◆ TASK OBJECTIVE: Would you please return the lines of the entries below starting at the line that has "Definition ft_V (b : R) : sc := fun i j k =>" and ending at the line that has "rewrite !big_ord_recr big_ord0 /= add0r.", both included, exactly as they are?

:: RECORDS FOR THE TASK

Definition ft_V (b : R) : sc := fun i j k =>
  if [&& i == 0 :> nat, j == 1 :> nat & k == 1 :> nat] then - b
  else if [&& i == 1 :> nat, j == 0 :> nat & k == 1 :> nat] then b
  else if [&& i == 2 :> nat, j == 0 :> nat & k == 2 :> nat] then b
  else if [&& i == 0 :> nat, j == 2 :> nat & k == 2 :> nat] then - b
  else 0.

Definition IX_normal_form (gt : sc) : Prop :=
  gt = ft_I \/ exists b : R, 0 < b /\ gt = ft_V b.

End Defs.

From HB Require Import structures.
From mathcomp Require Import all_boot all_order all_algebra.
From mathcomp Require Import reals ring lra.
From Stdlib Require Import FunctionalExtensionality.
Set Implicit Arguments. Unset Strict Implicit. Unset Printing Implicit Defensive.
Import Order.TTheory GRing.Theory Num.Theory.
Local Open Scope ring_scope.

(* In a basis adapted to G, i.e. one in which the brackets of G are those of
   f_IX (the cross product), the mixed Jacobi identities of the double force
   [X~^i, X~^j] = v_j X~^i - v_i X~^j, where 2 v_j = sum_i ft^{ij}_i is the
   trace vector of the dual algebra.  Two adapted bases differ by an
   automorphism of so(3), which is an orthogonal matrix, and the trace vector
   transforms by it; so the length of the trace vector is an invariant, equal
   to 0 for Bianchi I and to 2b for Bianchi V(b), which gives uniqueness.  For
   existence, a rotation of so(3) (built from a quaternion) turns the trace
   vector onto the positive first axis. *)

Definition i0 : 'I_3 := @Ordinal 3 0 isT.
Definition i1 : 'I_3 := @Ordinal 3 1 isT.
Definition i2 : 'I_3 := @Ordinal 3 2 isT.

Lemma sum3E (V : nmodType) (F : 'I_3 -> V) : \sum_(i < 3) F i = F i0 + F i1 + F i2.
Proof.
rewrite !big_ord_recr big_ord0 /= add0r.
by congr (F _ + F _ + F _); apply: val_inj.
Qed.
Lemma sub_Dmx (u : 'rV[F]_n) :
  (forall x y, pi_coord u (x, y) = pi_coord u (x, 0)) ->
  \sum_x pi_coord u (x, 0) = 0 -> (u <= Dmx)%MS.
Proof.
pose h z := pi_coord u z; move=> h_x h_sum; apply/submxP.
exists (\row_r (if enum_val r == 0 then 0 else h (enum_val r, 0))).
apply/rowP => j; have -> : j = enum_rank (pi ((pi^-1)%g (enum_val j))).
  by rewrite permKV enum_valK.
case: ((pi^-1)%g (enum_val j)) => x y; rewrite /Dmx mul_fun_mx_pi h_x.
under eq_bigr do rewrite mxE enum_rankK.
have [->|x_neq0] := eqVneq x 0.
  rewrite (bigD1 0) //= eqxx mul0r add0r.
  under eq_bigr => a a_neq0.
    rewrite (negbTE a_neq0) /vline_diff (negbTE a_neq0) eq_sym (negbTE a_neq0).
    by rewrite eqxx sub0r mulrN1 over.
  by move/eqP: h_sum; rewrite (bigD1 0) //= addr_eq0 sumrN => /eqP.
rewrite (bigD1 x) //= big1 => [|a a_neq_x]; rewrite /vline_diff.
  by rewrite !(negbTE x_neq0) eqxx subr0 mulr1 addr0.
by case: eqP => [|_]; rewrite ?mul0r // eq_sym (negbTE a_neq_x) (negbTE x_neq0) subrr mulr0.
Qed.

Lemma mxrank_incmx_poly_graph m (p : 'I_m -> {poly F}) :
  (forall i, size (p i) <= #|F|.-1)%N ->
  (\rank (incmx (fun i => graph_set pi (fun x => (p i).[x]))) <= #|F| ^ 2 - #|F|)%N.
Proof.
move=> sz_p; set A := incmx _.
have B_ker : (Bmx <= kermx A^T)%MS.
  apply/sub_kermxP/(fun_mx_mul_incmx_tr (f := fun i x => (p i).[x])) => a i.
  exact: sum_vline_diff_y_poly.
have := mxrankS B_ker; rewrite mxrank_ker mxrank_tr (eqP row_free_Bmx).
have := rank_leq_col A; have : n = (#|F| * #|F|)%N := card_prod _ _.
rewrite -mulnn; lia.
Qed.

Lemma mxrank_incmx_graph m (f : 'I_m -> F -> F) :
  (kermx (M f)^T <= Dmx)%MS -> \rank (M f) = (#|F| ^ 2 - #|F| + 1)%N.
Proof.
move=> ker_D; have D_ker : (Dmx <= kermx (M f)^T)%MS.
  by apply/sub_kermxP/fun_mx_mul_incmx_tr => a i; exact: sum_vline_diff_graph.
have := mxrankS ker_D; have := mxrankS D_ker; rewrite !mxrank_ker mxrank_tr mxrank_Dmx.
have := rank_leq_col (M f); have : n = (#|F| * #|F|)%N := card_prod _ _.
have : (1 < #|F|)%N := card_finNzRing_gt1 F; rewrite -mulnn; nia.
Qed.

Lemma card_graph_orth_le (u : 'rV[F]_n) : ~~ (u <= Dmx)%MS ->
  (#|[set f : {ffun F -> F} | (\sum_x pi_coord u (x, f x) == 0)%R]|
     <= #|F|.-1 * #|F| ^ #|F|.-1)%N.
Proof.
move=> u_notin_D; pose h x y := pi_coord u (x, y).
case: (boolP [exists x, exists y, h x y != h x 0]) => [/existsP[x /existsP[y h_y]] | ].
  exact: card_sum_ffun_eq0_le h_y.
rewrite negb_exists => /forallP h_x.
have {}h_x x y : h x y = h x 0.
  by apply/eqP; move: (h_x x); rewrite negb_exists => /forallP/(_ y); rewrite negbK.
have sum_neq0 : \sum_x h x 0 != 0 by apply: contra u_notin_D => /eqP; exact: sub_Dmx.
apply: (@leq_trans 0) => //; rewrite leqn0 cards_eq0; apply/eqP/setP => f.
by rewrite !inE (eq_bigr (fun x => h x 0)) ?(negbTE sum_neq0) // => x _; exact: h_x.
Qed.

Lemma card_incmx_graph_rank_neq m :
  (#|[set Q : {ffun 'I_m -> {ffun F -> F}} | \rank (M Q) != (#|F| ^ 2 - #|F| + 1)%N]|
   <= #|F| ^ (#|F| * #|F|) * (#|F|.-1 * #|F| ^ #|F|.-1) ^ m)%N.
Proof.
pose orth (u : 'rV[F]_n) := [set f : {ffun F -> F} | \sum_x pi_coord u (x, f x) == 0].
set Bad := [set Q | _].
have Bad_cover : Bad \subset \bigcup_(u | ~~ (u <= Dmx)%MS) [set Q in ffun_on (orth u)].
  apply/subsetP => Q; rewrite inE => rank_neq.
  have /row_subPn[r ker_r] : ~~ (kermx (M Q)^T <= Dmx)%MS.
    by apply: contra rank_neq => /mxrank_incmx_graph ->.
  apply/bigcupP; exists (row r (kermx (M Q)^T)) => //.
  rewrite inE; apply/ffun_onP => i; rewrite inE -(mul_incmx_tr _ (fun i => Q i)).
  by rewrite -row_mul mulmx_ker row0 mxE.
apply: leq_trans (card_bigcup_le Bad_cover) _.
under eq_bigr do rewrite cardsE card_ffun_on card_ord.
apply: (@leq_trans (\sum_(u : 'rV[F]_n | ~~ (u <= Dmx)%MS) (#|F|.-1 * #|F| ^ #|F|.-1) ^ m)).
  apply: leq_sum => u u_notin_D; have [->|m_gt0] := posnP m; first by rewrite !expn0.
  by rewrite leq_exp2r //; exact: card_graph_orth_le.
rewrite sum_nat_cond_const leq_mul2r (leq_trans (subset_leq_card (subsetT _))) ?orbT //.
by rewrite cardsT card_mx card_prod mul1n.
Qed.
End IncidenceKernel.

::::
:: RECORDS FOR THE TASK

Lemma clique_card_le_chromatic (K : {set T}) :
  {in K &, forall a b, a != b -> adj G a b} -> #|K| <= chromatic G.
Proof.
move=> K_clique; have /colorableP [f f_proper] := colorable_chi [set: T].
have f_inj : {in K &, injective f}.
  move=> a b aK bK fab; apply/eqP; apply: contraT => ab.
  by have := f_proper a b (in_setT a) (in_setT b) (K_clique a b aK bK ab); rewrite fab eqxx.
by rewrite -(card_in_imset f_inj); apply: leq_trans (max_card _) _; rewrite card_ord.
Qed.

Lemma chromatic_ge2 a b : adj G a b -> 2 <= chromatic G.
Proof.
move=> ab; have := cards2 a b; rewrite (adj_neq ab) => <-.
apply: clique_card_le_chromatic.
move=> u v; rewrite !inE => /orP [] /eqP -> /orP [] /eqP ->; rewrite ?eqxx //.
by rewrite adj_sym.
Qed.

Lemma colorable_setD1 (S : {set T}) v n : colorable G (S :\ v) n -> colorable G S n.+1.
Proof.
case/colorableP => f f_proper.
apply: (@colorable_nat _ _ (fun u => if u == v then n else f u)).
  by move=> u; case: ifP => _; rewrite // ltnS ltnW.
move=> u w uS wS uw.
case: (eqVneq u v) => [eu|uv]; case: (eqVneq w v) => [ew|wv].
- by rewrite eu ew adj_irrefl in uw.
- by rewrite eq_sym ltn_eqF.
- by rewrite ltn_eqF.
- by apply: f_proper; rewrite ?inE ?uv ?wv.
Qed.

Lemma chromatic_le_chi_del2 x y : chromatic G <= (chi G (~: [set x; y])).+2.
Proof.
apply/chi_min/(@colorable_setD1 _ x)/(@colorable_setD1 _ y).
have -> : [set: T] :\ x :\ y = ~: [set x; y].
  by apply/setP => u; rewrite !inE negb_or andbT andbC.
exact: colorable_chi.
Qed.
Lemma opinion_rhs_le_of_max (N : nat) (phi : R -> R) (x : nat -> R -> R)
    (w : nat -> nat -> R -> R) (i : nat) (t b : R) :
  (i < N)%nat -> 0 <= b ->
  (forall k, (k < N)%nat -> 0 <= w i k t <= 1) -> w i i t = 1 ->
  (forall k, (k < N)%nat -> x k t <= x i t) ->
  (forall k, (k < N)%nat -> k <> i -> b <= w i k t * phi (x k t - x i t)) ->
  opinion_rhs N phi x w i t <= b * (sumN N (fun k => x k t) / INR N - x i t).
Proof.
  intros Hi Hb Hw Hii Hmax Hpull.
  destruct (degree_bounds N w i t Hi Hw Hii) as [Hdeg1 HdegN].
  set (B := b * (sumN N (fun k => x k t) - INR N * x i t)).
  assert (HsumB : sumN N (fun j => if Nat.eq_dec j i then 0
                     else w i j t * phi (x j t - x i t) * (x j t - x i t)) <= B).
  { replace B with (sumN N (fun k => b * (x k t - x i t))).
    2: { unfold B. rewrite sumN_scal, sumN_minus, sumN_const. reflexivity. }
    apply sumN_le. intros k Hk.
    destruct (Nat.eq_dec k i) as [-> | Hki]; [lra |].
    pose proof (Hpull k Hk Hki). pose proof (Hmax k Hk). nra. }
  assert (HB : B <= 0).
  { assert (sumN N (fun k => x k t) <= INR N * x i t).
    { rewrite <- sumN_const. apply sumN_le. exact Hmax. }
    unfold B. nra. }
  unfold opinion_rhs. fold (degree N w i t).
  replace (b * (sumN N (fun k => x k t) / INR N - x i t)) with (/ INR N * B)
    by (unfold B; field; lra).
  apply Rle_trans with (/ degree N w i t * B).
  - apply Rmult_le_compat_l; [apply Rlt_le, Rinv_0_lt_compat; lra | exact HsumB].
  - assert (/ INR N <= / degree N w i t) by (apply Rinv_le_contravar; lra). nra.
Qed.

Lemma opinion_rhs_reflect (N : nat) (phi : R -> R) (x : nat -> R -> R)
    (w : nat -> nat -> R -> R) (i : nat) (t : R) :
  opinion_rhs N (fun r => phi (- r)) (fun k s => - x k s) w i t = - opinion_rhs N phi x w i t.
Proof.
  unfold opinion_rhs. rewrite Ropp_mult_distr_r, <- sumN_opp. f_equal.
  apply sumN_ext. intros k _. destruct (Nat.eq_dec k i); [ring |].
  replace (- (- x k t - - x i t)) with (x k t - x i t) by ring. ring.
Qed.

::::

◆ TASK SOLUTION:
Definition ft_V (b : R) : sc := fun i j k =>
  if [&& i == 0 :> nat, j == 1 :> nat & k == 1 :> nat] then - b
  else if [&& i == 1 :> nat, j == 0 :> nat & k == 1 :> nat] then b
  else if [&& i == 2 :> nat, j == 0 :> nat & k == 2 :> nat] then b
  else if [&& i == 0 :> nat, j == 2 :> nat & k == 2 :> nat] then - b
  else 0.

Definition IX_normal_form (gt : sc) : Prop :=
  gt = ft_I \/ exists b : R, 0 < b /\ gt = ft_V b.

End Defs.

From HB Require Import structures.
From mathcomp Require Import all_boot all_order all_algebra.
From mathcomp Require Import reals ring lra.
From Stdlib Require Import FunctionalExtensionality.
Set Implicit Arguments. Unset Strict Implicit. Unset Printing Implicit Defensive.
Import Order.TTheory GRing.Theory Num.Theory.
Local Open Scope ring_scope.

(* In a basis adapted to G, i.e. one in which the brackets of G are those of
   f_IX (the cross product), the mixed Jacobi identities of the double force
   [X~^i, X~^j] = v_j X~^i - v_i X~^j, where 2 v_j = sum_i ft^{ij}_i is the
   trace vector of the dual algebra.  Two adapted bases differ by an
   automorphism of so(3), which is an orthogonal matrix, and the trace vector
   transforms by it; so the length of the trace vector is an invariant, equal
   to 0 for Bianchi I and to 2b for Bianchi V(b), which gives uniqueness.  For
   existence, a rotation of so(3) (built from a quaternion) turns the trace
   vector onto the positive first axis. *)

Definition i0 : 'I_3 := @Ordinal 3 0 isT.
Definition i1 : 'I_3 := @Ordinal 3 1 isT.
Definition i2 : 'I_3 := @Ordinal 3 2 isT.

Lemma sum3E (V : nmodType) (F : 'I_3 -> V) : \sum_(i < 3) F i = F i0 + F i1 + F i2.
Proof.
rewrite !big_ord_recr big_ord0 /= add0r.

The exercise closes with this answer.